> **To do**:
Your answer should reproduce every line of the material in which the word "split" occurs.

┄┄┄┄┄┄

Lemma sum_weight : \sum_w weight w = 2 * p%:R.
Proof.
rewrite -big_distrr /= -bigA_distr_bigA big1 ?mulr1 // => x _.
by rewrite big_bool; apply: presence_total.
Qed.

Definition forced_absent (o : 'I_p -> T) (S : {set T}) (t : 'I_p) : {set T} :=
  [set o j | j : 'I_p & (j < t)%N] :|: [set s in S | (blk s <= t)%N].

Definition first_present (o : 'I_p -> T) (S : {set T}) (t : 'I_p) : {set {ffun T -> bool}} :=
  [set w : {ffun T -> bool} | w (o t) && [forall x in forced_absent o S t, ~~ w x]].

Variable o : 'I_p -> T.

Lemma coverage_eq (o' : 'I_p -> T) (i : 'I_p) (S : {set T}) :
  (forall j : 'I_p, (j < i)%N -> o j = o' j) -> S \subset [set x | (blk x <= i)%N] ->
  coverage o S = coverage o' S.
Proof.
move=> oo' /subsetP Si; rewrite /coverage (eq_bigr (cover o')) // => v /Si; rewrite inE => vi.
apply/setP => w; rewrite !inE; congr (_ && _); apply: eq_forallb => j.
by case: ltnP => // jv; rewrite oo' //; apply: leq_trans vi.
Qed.

Lemma coverage_compl (S : {set T}) :
  coverage o S = 2 * p%:R - \sum_(w in ~: \bigcup_(v in S) cover o v) weight w.
Proof.
set U := \bigcup_(v in S) cover o v.
rewrite -sum_weight (bigID (mem U)) /=.
rewrite [X in _ + X - _](eq_bigl (fun w => w \in ~: U)) ?addrK //.
by move=> w; rewrite inE.
Qed.

Lemma coverage_le (S : {set T}) : coverage o S <= 2 * p%:R.
Proof. by rewrite coverage_compl lerBlDr lerDl sumr_ge0 // => w _; apply: weight_ge0. Qed.

Hypothesis o_choice : is_choice blk o.

Local Notation O := [set o i | i : 'I_p].

Lemma bigcup_cover_choice : (0 < p)%N -> \bigcup_(v in O) cover o v = setT.
Proof.
move=> p0; apply/setP => w; rewrite inE; apply/bigcupP.
have [/existsP[i0 wi0]|/existsPn none] := boolP [exists i, w (o i)].
  have [i wi i_min] := @arg_minnP _ i0 (fun i => w (o i)) (fun i : 'I_p => nat_of_ord i) wi0.
  exists (o i); first exact: imset_f.
  rewrite inE o_choice; apply/andP; split; last by rewrite wi.
  apply/forallP => j; apply/implyP => ji.
  by apply/negP => /i_min; rewrite leqNgt ji.
have last_lt : (p.-1 < p)%N by rewrite ltn_predL.
exists (o (Ordinal last_lt)); first exact: imset_f.
by rewrite inE o_choice /= eqxx orbT andbT; apply/forallP => j; rewrite none implybT.
Qed.

Lemma coverage_choice : (0 < p)%N -> coverage o O = 2 * p%:R.
Proof.
move=> p0; rewrite /coverage bigcup_cover_choice // -sum_weight.
by apply: eq_bigl => w; rewrite inE.
Qed.

Lemma coverage_setT : (0 < p)%N -> coverage o setT = 2 * p%:R.
Proof.
move=> p0; apply/eqP; rewrite eq_le coverage_le -{1}(coverage_choice p0).
rewrite /coverage bigcup_cover_choice //.
apply: sumr_le_subset => [|w]; last exact: weight_ge0.
apply/subsetP => w _; have : w \in \bigcup_(v in O) cover o v by rewrite bigcup_cover_choice.
by case/bigcupP => v _ wv; apply/bigcupP; exists v.
Qed.

Lemma first_present_mass (S : {set T}) (t : 'I_p) : S \subset ~: O ->
  \sum_(w in first_present o S t) weight w
  = 2 * p%:R * (r R p t * \prod_(s in S | (blk s <= t)%N) a (blk s)).
Proof.
move=> /subsetP SO; have p0 : (0 < p)%N := leq_ltn_trans (leq0n t) (ltn_ord t).
set before := [set o j | j : 'I_p & (j < t)%N].
set S_t := [set s in S | (blk s <= t)%N].
have before_S_t : [disjoint before & S_t].
  rewrite disjoint_subset; apply/subsetP => _ /imsetP[j _ ->].
  by rewrite !inE; apply/negP => /andP[/SO]; rewrite inE imset_f.
have ot_absent : o t \notin before :|: S_t.
  rewrite in_setU negb_or; apply/andP; split.
    apply/imsetP => -[j]; rewrite inE => jt /(congr1 blk); rewrite !o_choice => tj.
    by rewrite tj ltnn in jt.
  by rewrite inE; apply/negP => /andP[/SO]; rewrite inE imset_f.
rewrite /weight -big_distrr /=; congr (_ * _).
rewrite (eq_bigl (fun w : {ffun T -> bool} =>
                    w (o t) && [forall x in before :|: S_t, ~~ w x])); last first.
  by move=> w; rewrite inE.
rewrite sum_prod_event //; last exact: presence_total.
rewrite /presence o_choice (eq_bigl [predU before & S_t]); last by move=> x; rewrite !inE.
rewrite bigU // big_imset /=; last by move=> j1 j2 _ _ /(congr1 blk); rewrite !o_choice.
rewrite (eq_bigr (fun j : 'I_p => a j)); last by move=> j _; rewrite o_choice.
rewrite (eq_bigl (fun j : 'I_p => (j < t)%N)); last by move=> j; rewrite inE.
have tp := ltnW (ltn_ord t).
rewrite -(big_ord_widen _ a tp) -(big_mkord xpredT) prod_a //.
rewrite mulrA -r_eq //; congr (_ * _).
by apply: eq_bigl => s; rewrite inE.
Qed.

Lemma first_present_lt (S : {set T}) (t1 t2 : 'I_p) w : (t1 < t2)%N ->
  w \in first_present o S t1 -> w \notin first_present o S t2.
Proof.
move=> t12; rewrite !inE => /andP[w1 _]; apply/negP => /andP[_ /forall_inP absent].
suff /absent : o t1 \in forced_absent o S t2 by rewrite w1.
by rewrite inE; apply/orP; left; apply/imsetP; exists t1; rewrite ?inE.
Qed.

Lemma first_present_disjoint (S : {set T}) (t1 t2 : 'I_p) : t1 != t2 ->
  [disjoint first_present o S t1 & first_present o S t2].
Proof.
move=> t12; rewrite disjoint_subset; apply/subsetP => w w1; rewrite inE; apply/negP => w2.
case: (ltngtP t1 t2) => [lt|gt|/val_inj eq].
- by move: w2; apply/negP; apply: first_present_lt w1.
- by move: w1; apply/negP; apply: first_present_lt w2.
- by rewrite eq eqxx in t12.
Qed.

Lemma first_present_uncovered (S : {set T}) (t : 'I_p) : (t.+1 < p)%N ->
  first_present o S t \subset ~: \bigcup_(v in S) cover o v.
Proof.
move=> tp; apply/subsetP => w; rewrite !inE => /andP[wt /forall_inP absent].
apply/bigcupP => -[v vS]; rewrite inE => /andP[/forallP before wv].
have [vt|tv] := leqP (blk v) t; last by have := before t; rewrite tv wt.
have /absent/negPf wvF : v \in forced_absent o S t by rewrite !inE vS vt orbT.
by move: wv; rewrite wvF => /eqP; lia.
Qed.

Lemma coverage_le_uncovered (S : {set T}) : S \subset ~: O ->
  coverage o S <= 2 * p%:R - 2 * p%:R * uncovered_mass R p S (fun s => nat_of_ord (blk s)).
Proof.
move=> SO; rewrite coverage_compl lerD2l lerN2.
pose E (t : 'I_p.-1) := first_present o S (widen_ord (leq_pred p) t).
apply: le_trans (_ : \sum_(w in \bigcup_t E t) weight w <= _); last first.
  apply: sumr_le_subset => [|w]; last exact: weight_ge0.
  apply/bigcupsP => t _; apply: first_present_uncovered => /=; have := ltn_ord t; lia.
rewrite partition_disjoint_bigcup => [|t1 t2 t12]; last first.
  by apply: first_present_disjoint; apply: contra t12 => /eqP[/val_inj ->].
under eq_bigr do rewrite first_present_mass //.
by rewrite /uncovered_mass big_mkord big_distrr.
Qed.

End Construction.

Theorem lemma20 (R : realType) (p n : nat) (hp : (1 <= p)%N) (hn : (1 <= n)%N)
  (T : finType) (blk : T -> 'I_p)
  (hblk : forall i : 'I_p, #|[set x | blk x == i]| = n) :
  exists F : ('I_p -> T) -> {set T} -> R,
    (forall o, is_choice blk o -> is_coverage (F o)) /\
    (* indistinguishability *)
    (forall (i : 'I_p) o o', is_choice blk o -> is_choice blk o' ->
       (forall j : 'I_p, (j < i)%N -> o j = o' j) ->
       forall S : {set T}, S \subset [set x | (blk x <= i)%N] ->
         F o S = F o' S) /\
    (* value gap *)
    (forall o, is_choice blk o ->
       let O := [set o i | i : 'I_p] in
       F o setT = F o O /\
       F o O <= 2 * p%:R /\
       (forall S : {set T}, S \subset ~: O -> (#|S| <= p)%N ->
          F o S <= p%:R + harmonic R p ^+ 2) /\
       p%:R + harmonic R p ^+ 2 <=
         (p%:R + harmonic R p ^+ 2) / (2 * p%:R - harmonic R p) * F o O).
Proof.
(* The construction does not depend on the block sizes, so [hn] and [hblk] are unused. *)
exists (coverage R blk); split; [|split].
- move=> o _; exists {ffun T -> bool}, (weight R blk), (cover blk o).
  by split=> // w; apply: weight_ge0.
- by move=> i o o' _ _ oo' S; apply: coverage_eq.
move=> o ho O; rewrite /O coverage_setT // coverage_choice //.
split=> //; split=> //; split.
  move=> S SO Sp; have [p3|p2] := leqP 3 p.
    apply: le_trans (coverage_le_uncovered R ho SO) _.
    by have := uncovered_mass_ge R (fun s => nat_of_ord (blk s)) p3 Sp; lra.
  by apply: le_trans (coverage_le R blk o S) _; have := harmonic_sqr_ge R hp p2; lra.
have H_le := harmonic_le R p; have H_ge0 := harmonic_ge0 R p.
have pR : 0 < p%:R :> R by rewrite ltr0n.
rewrite -mulrA ler_peMr ?addr_ge0 ?sqr_ge0 ?ler0n // ler_pdivlMl; lra.
Qed.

┄┄┄┄┄┄

> **Exercise response**:
  rewrite inE o_choice; apply/andP; split; last by rewrite wi.
  rewrite in_setU negb_or; apply/andP; split.
exists (coverage R blk); split; [|split].
  by split=> // w; apply: weight_ge0.
split=> //; split=> //; split.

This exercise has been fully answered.